Return the records exactly, from the first line through the "of E over the" line.

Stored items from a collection
*-*-*

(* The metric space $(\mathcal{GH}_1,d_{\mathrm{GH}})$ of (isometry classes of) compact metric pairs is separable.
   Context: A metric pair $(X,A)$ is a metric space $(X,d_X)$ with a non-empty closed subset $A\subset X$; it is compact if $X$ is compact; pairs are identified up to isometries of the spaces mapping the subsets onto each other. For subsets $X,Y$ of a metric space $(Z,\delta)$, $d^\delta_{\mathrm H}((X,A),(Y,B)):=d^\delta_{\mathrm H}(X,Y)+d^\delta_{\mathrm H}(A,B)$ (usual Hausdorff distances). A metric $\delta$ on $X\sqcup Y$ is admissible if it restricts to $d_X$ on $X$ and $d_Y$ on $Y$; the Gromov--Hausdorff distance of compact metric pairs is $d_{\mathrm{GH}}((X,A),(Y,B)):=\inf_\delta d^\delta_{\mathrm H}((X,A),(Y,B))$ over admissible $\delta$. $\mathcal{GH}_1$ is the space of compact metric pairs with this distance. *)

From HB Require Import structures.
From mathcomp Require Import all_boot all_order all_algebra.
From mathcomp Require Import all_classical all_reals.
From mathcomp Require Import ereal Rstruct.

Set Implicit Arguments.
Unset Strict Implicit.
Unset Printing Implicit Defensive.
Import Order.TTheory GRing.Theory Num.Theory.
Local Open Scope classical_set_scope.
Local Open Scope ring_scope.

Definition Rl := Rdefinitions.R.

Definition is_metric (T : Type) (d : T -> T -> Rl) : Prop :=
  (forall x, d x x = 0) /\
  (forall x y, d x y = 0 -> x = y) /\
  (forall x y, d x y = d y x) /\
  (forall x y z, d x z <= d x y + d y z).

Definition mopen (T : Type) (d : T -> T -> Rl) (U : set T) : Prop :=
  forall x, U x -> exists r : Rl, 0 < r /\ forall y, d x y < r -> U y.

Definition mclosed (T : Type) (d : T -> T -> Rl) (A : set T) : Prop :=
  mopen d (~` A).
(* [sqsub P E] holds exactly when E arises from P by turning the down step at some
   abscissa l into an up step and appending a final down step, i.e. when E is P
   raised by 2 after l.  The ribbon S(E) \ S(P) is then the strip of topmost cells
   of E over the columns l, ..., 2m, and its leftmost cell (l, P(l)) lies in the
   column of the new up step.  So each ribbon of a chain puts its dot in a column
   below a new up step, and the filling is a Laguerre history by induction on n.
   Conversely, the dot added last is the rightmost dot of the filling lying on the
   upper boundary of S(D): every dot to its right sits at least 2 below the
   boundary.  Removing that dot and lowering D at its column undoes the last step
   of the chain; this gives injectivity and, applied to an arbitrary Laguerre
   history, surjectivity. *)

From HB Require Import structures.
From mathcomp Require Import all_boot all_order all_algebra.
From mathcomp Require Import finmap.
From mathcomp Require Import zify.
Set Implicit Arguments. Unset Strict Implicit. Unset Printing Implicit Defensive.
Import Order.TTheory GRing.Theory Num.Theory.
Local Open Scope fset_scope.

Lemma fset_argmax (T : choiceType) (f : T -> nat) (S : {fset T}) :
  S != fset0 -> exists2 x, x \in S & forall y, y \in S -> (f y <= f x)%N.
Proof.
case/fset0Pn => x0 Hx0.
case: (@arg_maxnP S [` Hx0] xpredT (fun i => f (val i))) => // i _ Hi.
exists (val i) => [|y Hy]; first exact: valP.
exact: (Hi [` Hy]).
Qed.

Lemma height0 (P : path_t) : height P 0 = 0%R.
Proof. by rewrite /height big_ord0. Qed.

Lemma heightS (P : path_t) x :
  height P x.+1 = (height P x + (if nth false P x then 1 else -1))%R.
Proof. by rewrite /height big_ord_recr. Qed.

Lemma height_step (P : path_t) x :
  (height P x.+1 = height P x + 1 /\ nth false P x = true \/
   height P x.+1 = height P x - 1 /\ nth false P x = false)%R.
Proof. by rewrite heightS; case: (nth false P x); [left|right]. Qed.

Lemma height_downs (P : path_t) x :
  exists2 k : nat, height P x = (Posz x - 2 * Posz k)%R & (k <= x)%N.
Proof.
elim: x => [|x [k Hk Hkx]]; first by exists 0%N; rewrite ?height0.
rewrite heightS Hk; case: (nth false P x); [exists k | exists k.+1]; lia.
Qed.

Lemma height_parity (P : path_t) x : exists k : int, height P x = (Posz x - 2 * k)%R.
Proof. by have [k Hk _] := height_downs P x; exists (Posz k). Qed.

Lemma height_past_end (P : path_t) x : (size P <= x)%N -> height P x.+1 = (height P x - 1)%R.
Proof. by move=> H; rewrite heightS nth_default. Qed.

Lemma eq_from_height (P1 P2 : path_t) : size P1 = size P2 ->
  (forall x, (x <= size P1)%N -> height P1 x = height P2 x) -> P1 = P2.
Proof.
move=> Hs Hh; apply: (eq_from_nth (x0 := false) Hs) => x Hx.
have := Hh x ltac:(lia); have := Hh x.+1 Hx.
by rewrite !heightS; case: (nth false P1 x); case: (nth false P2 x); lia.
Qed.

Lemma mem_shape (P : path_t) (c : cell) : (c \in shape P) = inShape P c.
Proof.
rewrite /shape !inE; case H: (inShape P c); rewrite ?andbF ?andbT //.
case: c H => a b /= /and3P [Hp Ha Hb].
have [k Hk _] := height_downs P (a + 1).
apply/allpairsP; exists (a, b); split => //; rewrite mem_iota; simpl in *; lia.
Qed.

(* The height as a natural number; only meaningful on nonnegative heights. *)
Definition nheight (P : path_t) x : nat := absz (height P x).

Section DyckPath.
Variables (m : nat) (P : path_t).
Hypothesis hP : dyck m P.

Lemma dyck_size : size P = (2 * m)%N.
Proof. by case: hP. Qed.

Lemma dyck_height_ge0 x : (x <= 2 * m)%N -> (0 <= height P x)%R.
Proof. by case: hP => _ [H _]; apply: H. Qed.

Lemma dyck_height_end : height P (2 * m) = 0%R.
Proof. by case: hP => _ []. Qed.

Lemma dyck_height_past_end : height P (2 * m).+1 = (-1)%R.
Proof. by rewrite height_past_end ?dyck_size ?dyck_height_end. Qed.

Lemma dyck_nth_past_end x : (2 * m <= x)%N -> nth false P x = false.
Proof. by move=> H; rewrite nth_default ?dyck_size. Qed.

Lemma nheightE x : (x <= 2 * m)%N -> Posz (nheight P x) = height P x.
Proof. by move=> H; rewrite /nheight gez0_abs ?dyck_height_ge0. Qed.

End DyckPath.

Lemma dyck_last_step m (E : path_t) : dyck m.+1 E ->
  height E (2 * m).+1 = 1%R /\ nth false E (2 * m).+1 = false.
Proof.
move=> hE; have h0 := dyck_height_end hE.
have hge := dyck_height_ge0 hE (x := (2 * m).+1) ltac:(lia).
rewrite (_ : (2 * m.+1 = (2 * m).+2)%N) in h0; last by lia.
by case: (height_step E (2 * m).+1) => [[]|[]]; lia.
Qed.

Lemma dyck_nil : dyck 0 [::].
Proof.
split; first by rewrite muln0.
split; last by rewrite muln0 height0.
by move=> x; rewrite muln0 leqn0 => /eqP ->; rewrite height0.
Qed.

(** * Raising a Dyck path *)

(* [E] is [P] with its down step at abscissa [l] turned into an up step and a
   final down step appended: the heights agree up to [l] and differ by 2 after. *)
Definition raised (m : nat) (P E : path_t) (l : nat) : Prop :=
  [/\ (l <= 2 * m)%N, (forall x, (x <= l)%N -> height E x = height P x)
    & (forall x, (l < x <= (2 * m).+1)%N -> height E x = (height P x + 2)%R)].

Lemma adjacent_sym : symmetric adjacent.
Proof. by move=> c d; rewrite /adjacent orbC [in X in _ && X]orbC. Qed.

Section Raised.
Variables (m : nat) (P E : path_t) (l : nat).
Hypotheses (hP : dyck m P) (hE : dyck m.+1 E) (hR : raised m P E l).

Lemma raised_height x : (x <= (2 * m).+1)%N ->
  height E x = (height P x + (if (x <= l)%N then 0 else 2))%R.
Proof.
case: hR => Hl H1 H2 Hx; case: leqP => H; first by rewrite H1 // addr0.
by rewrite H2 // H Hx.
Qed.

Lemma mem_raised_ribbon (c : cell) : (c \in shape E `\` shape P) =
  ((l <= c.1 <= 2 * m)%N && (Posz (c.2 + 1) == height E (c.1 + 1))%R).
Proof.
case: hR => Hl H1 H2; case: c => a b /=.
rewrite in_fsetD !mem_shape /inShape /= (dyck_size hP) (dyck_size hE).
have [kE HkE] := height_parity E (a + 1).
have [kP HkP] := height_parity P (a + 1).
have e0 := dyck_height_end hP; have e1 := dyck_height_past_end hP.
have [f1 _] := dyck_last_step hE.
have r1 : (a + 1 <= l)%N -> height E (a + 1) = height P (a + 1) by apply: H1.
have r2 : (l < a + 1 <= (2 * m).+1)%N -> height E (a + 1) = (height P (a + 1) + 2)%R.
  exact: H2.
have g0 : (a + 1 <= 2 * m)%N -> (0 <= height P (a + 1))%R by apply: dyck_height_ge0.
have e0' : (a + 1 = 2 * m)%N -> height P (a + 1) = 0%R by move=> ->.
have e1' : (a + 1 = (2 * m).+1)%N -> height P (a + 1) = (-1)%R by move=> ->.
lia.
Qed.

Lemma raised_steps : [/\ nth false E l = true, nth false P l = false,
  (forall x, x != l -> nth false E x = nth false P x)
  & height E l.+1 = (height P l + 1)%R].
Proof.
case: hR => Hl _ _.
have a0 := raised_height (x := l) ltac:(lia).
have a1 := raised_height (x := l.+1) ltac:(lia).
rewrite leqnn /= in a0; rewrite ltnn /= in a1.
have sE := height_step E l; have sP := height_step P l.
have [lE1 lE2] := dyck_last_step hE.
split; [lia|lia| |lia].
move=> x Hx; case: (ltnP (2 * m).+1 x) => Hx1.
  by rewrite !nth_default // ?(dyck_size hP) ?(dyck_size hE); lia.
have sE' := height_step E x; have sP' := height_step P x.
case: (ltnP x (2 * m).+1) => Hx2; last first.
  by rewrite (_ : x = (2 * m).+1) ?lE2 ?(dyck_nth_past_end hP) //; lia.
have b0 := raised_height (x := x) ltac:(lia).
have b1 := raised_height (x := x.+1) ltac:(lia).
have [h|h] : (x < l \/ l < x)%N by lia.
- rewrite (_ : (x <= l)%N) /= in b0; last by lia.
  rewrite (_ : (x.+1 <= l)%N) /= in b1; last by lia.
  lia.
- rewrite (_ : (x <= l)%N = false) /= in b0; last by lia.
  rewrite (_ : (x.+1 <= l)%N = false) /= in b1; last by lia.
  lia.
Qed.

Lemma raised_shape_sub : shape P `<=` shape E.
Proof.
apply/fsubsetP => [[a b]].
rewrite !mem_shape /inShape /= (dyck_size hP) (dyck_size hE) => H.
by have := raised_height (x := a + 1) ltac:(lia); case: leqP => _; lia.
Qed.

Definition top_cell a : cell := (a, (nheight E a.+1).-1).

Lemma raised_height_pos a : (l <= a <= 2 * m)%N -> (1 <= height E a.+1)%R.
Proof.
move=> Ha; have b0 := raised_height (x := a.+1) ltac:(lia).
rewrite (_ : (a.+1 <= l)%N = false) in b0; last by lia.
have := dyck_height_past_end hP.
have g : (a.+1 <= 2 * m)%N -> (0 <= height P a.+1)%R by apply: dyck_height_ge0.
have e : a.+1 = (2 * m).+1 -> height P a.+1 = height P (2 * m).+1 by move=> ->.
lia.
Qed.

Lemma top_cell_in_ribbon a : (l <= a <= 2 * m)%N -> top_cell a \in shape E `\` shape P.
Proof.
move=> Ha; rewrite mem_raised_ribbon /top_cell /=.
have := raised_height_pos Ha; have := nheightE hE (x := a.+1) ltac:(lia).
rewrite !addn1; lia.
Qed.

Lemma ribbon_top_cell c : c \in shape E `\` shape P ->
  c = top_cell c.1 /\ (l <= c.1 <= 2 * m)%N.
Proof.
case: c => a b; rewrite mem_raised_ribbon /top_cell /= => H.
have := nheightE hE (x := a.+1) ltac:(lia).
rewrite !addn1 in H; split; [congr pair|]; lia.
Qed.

*-*-*

## Output below
(* The metric space $(\mathcal{GH}_1,d_{\mathrm{GH}})$ of (isometry classes of) compact metric pairs is separable.
   Context: A metric pair $(X,A)$ is a metric space $(X,d_X)$ with a non-empty closed subset $A\subset X$; it is compact if $X$ is compact; pairs are identified up to isometries of the spaces mapping the subsets onto each other. For subsets $X,Y$ of a metric space $(Z,\delta)$, $d^\delta_{\mathrm H}((X,A),(Y,B)):=d^\delta_{\mathrm H}(X,Y)+d^\delta_{\mathrm H}(A,B)$ (usual Hausdorff distances). A metric $\delta$ on $X\sqcup Y$ is admissible if it restricts to $d_X$ on $X$ and $d_Y$ on $Y$; the Gromov--Hausdorff distance of compact metric pairs is $d_{\mathrm{GH}}((X,A),(Y,B)):=\inf_\delta d^\delta_{\mathrm H}((X,A),(Y,B))$ over admissible $\delta$. $\mathcal{GH}_1$ is the space of compact metric pairs with this distance. *)

From HB Require Import structures.
From mathcomp Require Import all_boot all_order all_algebra.
From mathcomp Require Import all_classical all_reals.
From mathcomp Require Import ereal Rstruct.

Set Implicit Arguments.
Unset Strict Implicit.
Unset Printing Implicit Defensive.
Import Order.TTheory GRing.Theory Num.Theory.
Local Open Scope classical_set_scope.
Local Open Scope ring_scope.

Definition Rl := Rdefinitions.R.

Definition is_metric (T : Type) (d : T -> T -> Rl) : Prop :=
  (forall x, d x x = 0) /\
  (forall x y, d x y = 0 -> x = y) /\
  (forall x y, d x y = d y x) /\
  (forall x y z, d x z <= d x y + d y z).

Definition mopen (T : Type) (d : T -> T -> Rl) (U : set T) : Prop :=
  forall x, U x -> exists r : Rl, 0 < r /\ forall y, d x y < r -> U y.

Definition mclosed (T : Type) (d : T -> T -> Rl) (A : set T) : Prop :=
  mopen d (~` A).
(* [sqsub P E] holds exactly when E arises from P by turning the down step at some
   abscissa l into an up step and appending a final down step, i.e. when E is P
   raised by 2 after l.  The ribbon S(E) \ S(P) is then the strip of topmost cells
   of E over the columns l, ..., 2m, and its leftmost cell (l, P(l)) lies in the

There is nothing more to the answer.